The proper solution for finding new suppliers is a supplier discovery / network solution like
Apex Analytix,
Graphite Connect,
MFG,
Onventis,
Promena,
ScoutBee,
Supplhi,
supplier.io, and
Tealbook.

NOT SEO!!!

So, even though Procurement is the life blood of the business, when it comes to mainstream coverage, Procurement Don’t Get No Regard, No Regard At All!

The One Sign You Don’t Have a Highly Functional Procurement Department

Recently, on Linked In, Anders Lillevik, who (once) tried to buy and drowned in paperwork (which is why he decided he needed to find a Focal Point), decided to post what he thought were the six signs your procurement efforts aren’t delivering the impact they should. In his view, they were:

  1. No spend visibility
  2. Unhappy customers
  3. Backlogs and delays
  4. Poor supplier relationships
  5. Reliance on manual processes
  6. Department is seen as tactical, not strategic

… which were signs that your Procurement department is not delivering, but not the one sign you have to look for to determine whether or not you have a highly functional Procurement department, since these are all symptoms of a single root cause. In fact, if you wanted to go down this route, instead of identifying the core problem, you could also add the following to Anders’ list:

  1. Spend is spiralling out of control while the
  2. Company is having to fire-sale / toss out expired products and outdated inventory on a quarterly basis and
  3. Your brand is in the toilet thanks to excessive carbon, poor working conditions / human slavery, and excessive waste (and wasteful practices) in the supply chain.
  4. Every department head is screaming “The Sky is Falling!”, “The Sky is Falling!”.

… as these are also signs that your procurement efforts aren’t delivering the efforts. But if you want to know whether or not you have a highly functional Procurement department, all you have to really do is answer this one question:

Do you have a strong CPO providing quarterly metrics charting success improvements over time?

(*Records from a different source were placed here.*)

Lemma cocoercive_of_convex_descent {R : realType} {d : nat}
    (h : 'rV[R]_d -> R) (gh : 'rV[R]_d -> 'rV[R]_d) (M : R) :
  (forall x y, h x + dotp (gh x) (y - x) <= h y) ->
  (forall x y, h y <= h x + dotp (gh x) (y - x) + M / 2 * enorm (y - x) ^+ 2) ->
  forall x y, enorm (gh x - gh y) ^+ 2 <= M * dotp (gh x - gh y) (x - y).
Proof.
move=> convex descent x y; set w := gh x - gh y; set W := enorm w ^+ 2.
set s := dotp w (x - y).
(* Evaluate both inequalities at [x - t w] and at [y + t w] and add up. *)
have family t : 0 < t -> (2 * t - M * t ^+ 2) * W <= s.
  move=> t0; have := convex x (y + t *: w); have := descent y (y + t *: w).
  have := convex y (x - t *: w); have := descent x (x - t *: w).
  have -> : y + t *: w - x = - (x - y) + t *: w by rewrite opprB addrAC.
  have -> : x - t *: w - y = (x - y) - t *: w by rewrite addrAC.
  rewrite [y + _ - y]addrAC [x - _ - x]addrAC !subrr !add0r enormN !enorm_sqZ.
  rewrite /W /s /w !enorm_sq !(dotpDr, dotpBr, dotpNr, dotpZr, dotpBl) !(dotpC (gh y) (gh x)).
  nra.
have W0 : 0 <= W by rewrite sqr_ge0.
have [M0|M0] := ltP 0 M.
  have := family M^-1; rewrite invr_gt0 => /(_ M0).
  have -> : 2 * M^-1 - M * M^-1 ^+ 2 = M^-1 by field; rewrite gt_eqF.
  by move=> /(ler_wpM2l (ltW M0)); rewrite mulrA mulfV ?gt_eqF // mul1r.
suff W_eq0 : W = 0.
  by move: (W_eq0) => /eqP; rewrite sqrf_eq0 enorm_eq0 /s => /eqP ->; rewrite W_eq0 dotp0l mulr0.
apply/eqP; rewrite eq_le W0 andbT leNgt; apply/negP => W_gt0.
set t := (`|s| + 1) / W.
have t0 : 0 < t by rewrite divr_gt0 // ltr_wpDl.
have tW : t * W = `|s| + 1 by rewrite divfK ?gt_eqF.
have := family t t0.
have -> : (2 * t - M * t ^+ 2) * W = 2 * (t * W) + (- M * t) * (t * W) by ring.
have Mt : 0 <= - M * t by rewrite mulr_ge0 ?oppr_ge0 // ltW.
rewrite tW; have := ler_norm s; have := normr_ge0 s; nra.
Qed.

Section Gradient.
Context {R : realType} {d : nat} {f : 'rV[R]_d -> R} {gradf : 'rV[R]_d -> 'rV[R]_d}.
Hypothesis hgrad : is_gradient f gradf.
Implicit Types x y v : 'rV[R]_d.

Lemma is_derive_along x v (t : R) :
  is_derive t (1 : R) (fun s : R => f (x + s *: v)) (dotp (gradf (x + t *: v)) v).
Proof.
set a := x + t *: v.
have quotientE : (fun h : R => h^-1 *: (((fun s : R => f (x + s *: v)) \o shift t) (h *: 1)
     - f (x + t *: v))) = (fun h : R => h^-1 *: ((f \o shift a) (h *: v) - f a)).
  apply/funext => h /=; congr (_ *: (f _ - _)).
  by rewrite /a scalerDl [h%:A]mulr1 addrCA addrA.
have [dfa dfaE] := hgrad a.
apply: DeriveDef; first by rewrite /derivable quotientE; exact: diff_derivable.
by rewrite /derive quotientE -/(derive f a v) deriveE // dfaE.
Qed.

Lemma gradient_eq0_at_minimizer xs : is_minimizer f xs -> gradf xs = 0.
Proof.
move=> xs_min; set v := gradf xs.
pose psi t := f (xs + t *: v).
have psi'0 : is_derive 0 (1 : R) psi 0.
  apply: (@derive1_at_min _ psi (-1) 1 0) => //.
  - by move=> t _; case: (is_derive_along xs v t).
  - by rewrite in_itv /= ltrN10 ltr01.
  - by move=> t _; rewrite /psi scale0r addr0.
have := @derive_val _ _ _ _ _ _ _ (is_derive_along xs v 0).
rewrite (@derive_val _ _ _ _ _ _ _ psi'0) scale0r addr0 -/v => /esym/eqP.
by rewrite dotp_eq0 => /eqP.
Qed.

Lemma strongly_convex_first_order mu x y : strongly_convex mu f ->
  f x + dotp (gradf x) (y - x) + mu / 2 * enorm (y - x) ^+ 2 <= f y.
Proof.
case=> mu0 convex_ineq; set v := y - x.
pose psi t := f (x + t *: v).
have := @derive_val _ _ _ _ _ _ _ (is_derive_along x v 0); rewrite scale0r addr0 => <-.
suff : 'D_1 psi 0 <= f y - f x - mu / 2 * enorm v ^+ 2 by lra.
apply: (derive1_le_of_secant_le _ _ (mu / 2 * enorm v ^+ 2)).
- by case: (is_derive_along x v 0).
- by rewrite mulr_ge0 ?divr_ge0 ?sqr_ge0 ?ltW.
move=> h /andP[h0 h1]; rewrite /psi scale0r addr0.
have := convex_ineq y x h; rewrite h1 ltW //= => /(_ isT).
have -> : h *: y + (1 - h) *: x = x + h *: v.
  by rewrite /v scalerBr scalerBl scale1r addrCA.
rewrite -/v; nra.
Qed.

Lemma strongly_convex_monotone mu x y : strongly_convex mu f ->
  mu * enorm (x - y) ^+ 2 <= dotp (gradf x - gradf y) (x - y).
Proof.
move=> fsc; have := strongly_convex_first_order _ x y fsc.
have := strongly_convex_first_order _ y x fsc.
rewrite -opprB enormN dotpBl !dotpNr; lra.
Qed.

Lemma smooth_descent L x y : smooth L gradf ->
  f y <= f x + dotp (gradf x) (y - x) + L / 2 * enorm (y - x) ^+ 2.
Proof.
move=> [L0 lipschitz]; set v := y - x; set a := dotp (gradf x) v.
set c := L / 2 * enorm v ^+ 2.
pose chi := (fun t => f (x + t *: v)) - a \*: (@id R) - c \*: ((@id R) ^+ 2).
have chi' t : is_derive t (1 : R) chi (dotp (gradf (x + t *: v)) v - a - c * (2 * t)).
  have chi'E := is_deriveB (is_deriveB (is_derive_along x v t)
    (is_deriveZ a (is_derive_id t 1))) (is_deriveZ c (is_deriveX 2 (is_derive_id t 1))).
  by apply: is_derive_eq; rewrite /GRing.scale /= !mulr1 expr1.
have chi'_le0 t : t \in `]0, 1[%R -> derive1 chi t <= 0.
  rewrite in_itv /= => /andP [t0 _].
  rewrite derive1E (@derive_val _ _ _ _ _ _ _ (chi' t)) -dotpBl.
  have := dotp_le_enorm (gradf (x + t *: v) - gradf x) v.
  have := lipschitz (x + t *: v) x.
  have -> : x + t *: v - x = t *: v by rewrite addrC addKr.
  rewrite enormZ ?(ltW t0) //.
  have := enorm_ge0 v; have := enorm_ge0 (gradf (x + t *: v) - gradf x).
  rewrite /c; nra.
have chi_cont : {within `[0, 1], continuous chi}.
  apply: continuous_subspaceT => s.
  by apply/differentiable_continuous/derivable1_diffP; case: (chi' s).
have chi_derivable t : derivable chi t 1 by case: (chi' t).
have : chi 1 <= chi 0.
  apply: (ler0_derive1_le_cc (fun t _ => chi_derivable t) chi'_le0 chi_cont);
    by rewrite ?in_itv /= ?lexx ?ler01.
change (f (x + 1 *: v) - a * 1 - c * (1 * 1) <=
  f (x + 0 *: v) - a * 0 - c * (0 * 0) -> f y <= f x + a + c).
rewrite scale0r scale1r addr0 /v [x + (y - x)]addrC subrK; lra.
Qed.

Lemma strongly_convex_cocoercive mu L x y :
  strongly_convex mu f -> smooth L gradf ->
  mu * L * enorm (x - y) ^+ 2 + enorm (gradf x - gradf y) ^+ 2 <=
    (L + mu) * dotp (gradf x - gradf y) (x - y).
Proof.
move=> fsc fsm.
pose h z := f z - mu / 2 * enorm z ^+ 2.
pose gh z := gradf z - mu *: z.
have convex u v : h u + dotp (gh u) (v - u) <= h v.
  have := strongly_convex_first_order _ u v fsc.
  rewrite /h /gh dotpBl dotpZl !dotpBr enorm_sqB (dotpC v u) !enorm_sq; lra.
have descent u v : h v <= h u + dotp (gh u) (v - u) + (L - mu) / 2 * enorm (v - u) ^+ 2.
  have := smooth_descent _ u v fsm.
  rewrite /h /gh dotpBl dotpZl !dotpBr enorm_sqB (dotpC v u) !enorm_sq; lra.
have := cocoercive_of_convex_descent _ _ _ convex descent x y.
have -> : gh x - gh y = (gradf x - gradf y) - mu *: (x - y).
  by rewrite /gh scalerBr !opprB !addrA [RHS]addrAC [LHS]addrAC [gradf x - _ - gradf y]addrAC.
rewrite enorm_sqBZ !dotpBl dotpZl -enorm_sq; nra.
Qed.

Lemma strongly_convex_smooth_le mu L x y :
  strongly_convex mu f -> smooth L gradf -> x != y -> mu <= L.
Proof.
move=> fsc [_ lipschitz] xNy.
have D0 : 0 < enorm (x - y) by rewrite lt_def enorm_eq0 subr_eq0 xNy enorm_ge0.
rewrite -(ler_pM2r (exprn_gt0 2 D0)).
apply: le_trans (strongly_convex_monotone _ x y fsc) _.
apply: le_trans (dotp_le_enorm _ _) _; rewrite expr2 mulrA.
by rewrite ler_wpM2r ?enorm_ge0.
Qed.

End Gradient.

Section ScalarBounds.
Context {R : realType}.

Lemma quadratic_le_of_discriminant (a c B x : R) :
  0 <= c -> 0 <= B -> a ^+ 2 <= 4 * c * B -> a * x - c * x ^+ 2 <= B.
Proof.
move=> c0 B0 disc; have [c_eq0|c_neq0] := eqVneq c 0.
  have a0 : a = 0.
    apply/eqP; rewrite -sqrf_eq0 eq_le sqr_ge0 andbT.
    by rewrite c_eq0 mulr0 mul0r in disc.
  by rewrite a0 c_eq0 !mul0r subr0.
have c_gt0 : 0 < c by rewrite lt_def c_neq0.
rewrite -(ler_pM2l (_ : 0 < 4 * c)) ?mulr_gt0 //.
have := sqr_ge0 (a - 2 * c * x); lra.
Qed.

Lemma sqr_convex_comb (a b u : R) : 0 <= u <= 1 ->
  ((1 - u) * a + u * b) ^+ 2 <= (1 - u) * a ^+ 2 + u * b ^+ 2.
Proof.
case/andP=> u0 u1; rewrite -subr_ge0.
have -> : (1 - u) * a ^+ 2 + u * b ^+ 2 - ((1 - u) * a + u * b) ^+ 2 =
  u * (1 - u) * (a - b) ^+ 2 by ring.
by rewrite mulr_ge0 ?sqr_ge0 // mulr_ge0 // subr_ge0.
Qed.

Now we know this is a bit of a cheat, as it’s actually two parts, as just thinking you have a strong CPO is not enough, you need the metric-based reporting to verify, but that’s it. If you have a Strong CPO leading a procurement team charting key metrics across all relevant areas, key categories and initiatives get managed, and, eventually, improved. Moreover, you will find that:

  1. you have great spend visibility across all Spend Under Management (SUM) which will increase over time
  2. you have happier customers as your quality, reliability, and predictability improve in key areas and remain consistent in others
  3. backlogs reduce over time along with unexpected supply chain delays
  4. supplier relationships, at least for key products and services, improve
  5. process automation is employed where appropriate
  6. the department starts to assist other departments with strategy, and begins its journey from tactical to strategic
  7. spend increases are at least contained to inflation
  8. inventory management (and inventory loss) improves
  9. improved supplier vetting and risk analysis weeds out any suppliers known to be exceptionally polluting, use sub-tier suppliers that turn a blind eye to working conditions or slave labour, or be completely indifferent to CSR activities
  10. the department heads stop screaming “The Sky is Falling!” and instead scream “Why Is Everything So Bl00dy Expensive!” (even though Procurement consistently meets or beats market prices)

Not perfect, but all signs that your procurement efforts are delivering the impact they should, or at least getting there.